I am supposed to figure out if the following statement is false or true.
If $I$ is the $n \times n$ identity matrix, and $J$ is an $n \times n$ matrix consisting entirely of ones, then the matrix $$A = I - \frac{J}{n+1}$$ is idempotent (i.e., $A^{2} = A$).

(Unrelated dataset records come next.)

(* Let $P,Q,R\in D$ be non-collinear. Identify $S^1$ with $\mathbb{R}/\mathbb{Z}$ via $t\mapsto(\cos2\pi t,\sin2\pi t)$. Let $T_1,T_2\in S^1$ be the endpoints of the chord through $P,Q$, labelled so that $T_1-T_2\in(0,1/2]\bmod 1$; let $T_3\in S^1$ satisfy $2T_3=T_1+T_2\bmod 1$ and $T_3-T_2\in(0,1/2]\bmod1$, and let $T_4=T_3+\frac14\bmod 1$. Use Cartesian coordinates $(x_1,x_2)'$ with respect to the orthonormal basis $\{T_3,T_4\}$ (viewed as unit vectors). Let $u$ be the $x_1$-coordinate of $P$ (equal to that of $Q$), and $k:=e^{d'(P,Q)}$. Put $$A=\frac{2k(k^2+1)(1-u^2)}{(k^2-2ku+1)(k^2+2ku+1)},\quad B=\frac{(k^2+1)\sqrt{1-u^2}}{\sqrt{(k^2-2ku+1)(k^2+2ku+1)}},\quad C=\frac{(k^2-1)^2u}{(k^2-2ku+1)(k^2+2ku+1)},$$ and let $E=\{(x_1,x_2)': \frac{(x_1-C)^2}{A^2}+\frac{x_2^2}{B^2}=1\}$, with $\Phi$ the open region bounded by $E$. Then $E\subset D\cup S^1$ and $E$ is tangent to $S^1$ at $T_1$ and $T_2$. Moreover, if $m$ is the number of triangles inscribed in $S^1$ and circumscribing $\triangle PQR$, then $$m=\begin{cases}0 & \text{if } R\in\Phi,\\ 1 & \text{if } R\in E,\\ 2 & \text{if } R\in D\setminus\overline{\Phi}.\end{cases}$$
   Context: $D=\{(x,y)\in\mathbb{R}^2: x^2+y^2<1\}$ (Beltrami–Klein disk), $S^1$ its boundary circle. For $P,Q\in D$, let $v_1,v_2\in S^1$ be the endpoints of the chord through $P,Q$; then $d'(P,Q)=\frac12\left|\log\frac{|v_1Q||v_2P|}{|v_1P||v_2Q|}\right|$ (this is the Poincaré-disk distance transported by the map $G^{-1}(x,y)=\left(\frac{x}{1+\sqrt{1-x^2-y^2}},\frac{y}{1+\sqrt{1-x^2-y^2}}\right)$). A triangle inscribed in $S^1$ and circumscribing $\triangle PQR$ is a Euclidean triangle with three distinct vertices on $S^1$ such that $P$, $Q$, $R$ lie on three distinct sides of it (one point on each side). *)

From Stdlib Require Import Reals ZArith Ensembles Finite_sets.
Open Scope R_scope.

Definition point := (R * R)%type.

Definition norm2 (X : point) : R := fst X ^ 2 + snd X ^ 2.
(* Beltrami-Klein disk D and its boundary circle S^1 *)
Definition inD (X : point) : Prop := norm2 X < 1.
Definition onS1 (X : point) : Prop := norm2 X = 1.

Definition dist (X Y : point) : R :=
  sqrt ((fst X - fst Y) ^ 2 + (snd X - snd Y) ^ 2).

Definition cross3 (X Y Z : point) : R :=
  (fst Y - fst X) * (snd Z - snd X) - (snd Y - snd X) * (fst Z - fst X).
Definition collinear (X Y Z : point) : Prop := cross3 X Y Z = 0.

(* d'(P,Q) computed from the endpoints v1, v2 of the chord through P, Q *)
Definition dprime (v1 v2 P Q : point) : R :=
  / 2 * Rabs (ln ((dist v1 Q * dist v2 P) / (dist v1 P * dist v2 Q))).

Definition circ (t : R) : point := (cos (2 * PI * t), sin (2 * PI * t)).

Definition coord1 (t3 : R) (X : point) : R :=
  fst X * fst (circ t3) + snd X * snd (circ t3).
Definition coord2 (t3 : R) (X : point) : R :=
  fst X * fst (circ (t3 + / 4)) + snd X * snd (circ (t3 + / 4)).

I understand obviously what $I$ and $J$ are, my issue is with the $A = I - \frac{J}{n+1}$. I searched my textbook and found no reference to it. What does it mean?
On
It is not hard to manually obtain $J^2=nJ$. Now it's just a matter of some matrix algebra:
$$A^2=(I-\frac{1}{n+1}J)^2=I^2-\frac{1}{n+1}IJ-\frac{1}{n+1}JI+\frac{1}{(n+1)^2}J^2 = \\ = I - \frac{2}{n+1}J + \frac{n}{(n+1)^2}J = I + \frac{n-2(n+1)}{(n+1)^2}J = \\ = I + \frac{-n-2}{(n+1)^2}J = I - \frac{1}{n+1}J - \frac{1}{(n+1)^2}J = A - \frac{1}{(n+1)^2}J \neq A$$
As you can see, $A$ is not idempotent.
The expression $A = I - \frac{J}{n+1}$ is matrix addition, where $\frac{J}{n+1}$ represents scalar multiplication of the matrix $J$ by $\frac{1}{n+1}$. Since the matrix $J$ consists completely of $1$s, each entry of the scaled matrix $\frac{J}{n+1}$ is $\frac{1}{n+1}$. Here is the matrix addition:
$$ I - \frac{J}{n+1} = \left[\begin{array}{cccc} 1 & 0 & \cdots & 0 \\ 0 & 1 & \cdots & 0 \\ \vdots & \vdots & \ddots & \vdots \\ 0 & 0 & \cdots & 1 \\ \end{array}\right] - \left[\begin{array}{cccc} \frac{1}{n+1} & \frac{1}{n+1} & \cdots & \frac{1}{n+1} \\ \frac{1}{n+1} & \frac{1}{n+1} & \cdots & \frac{1}{n+1} \\ \vdots & \vdots & \ddots & \vdots \\ \frac{1}{n+1} & \frac{1}{n+1} & \cdots & \frac{1}{n+1} \\ \end{array}\right]$$
$$ \implies A = \left[\begin{array}{cccc} \frac{n}{n+1} & \frac{-1}{n+1} & \cdots & \frac{-1}{n+1} \\ \frac{-1}{n+1} & \frac{n}{n+1} & \cdots & \frac{-1}{n+1} \\ \vdots & \vdots & \ddots & \vdots \\ \frac{-1}{n+1} & \frac{-1}{n+1} & \cdots & \frac{n}{n+1} \\ \end{array}\right] $$
An interesting matrix. You could describe it by $A_{ij}=\frac{n}{n+1}$ if $i=j$ and $A_{ij}=\frac{-1}{n+1}$ if $i\neq j$.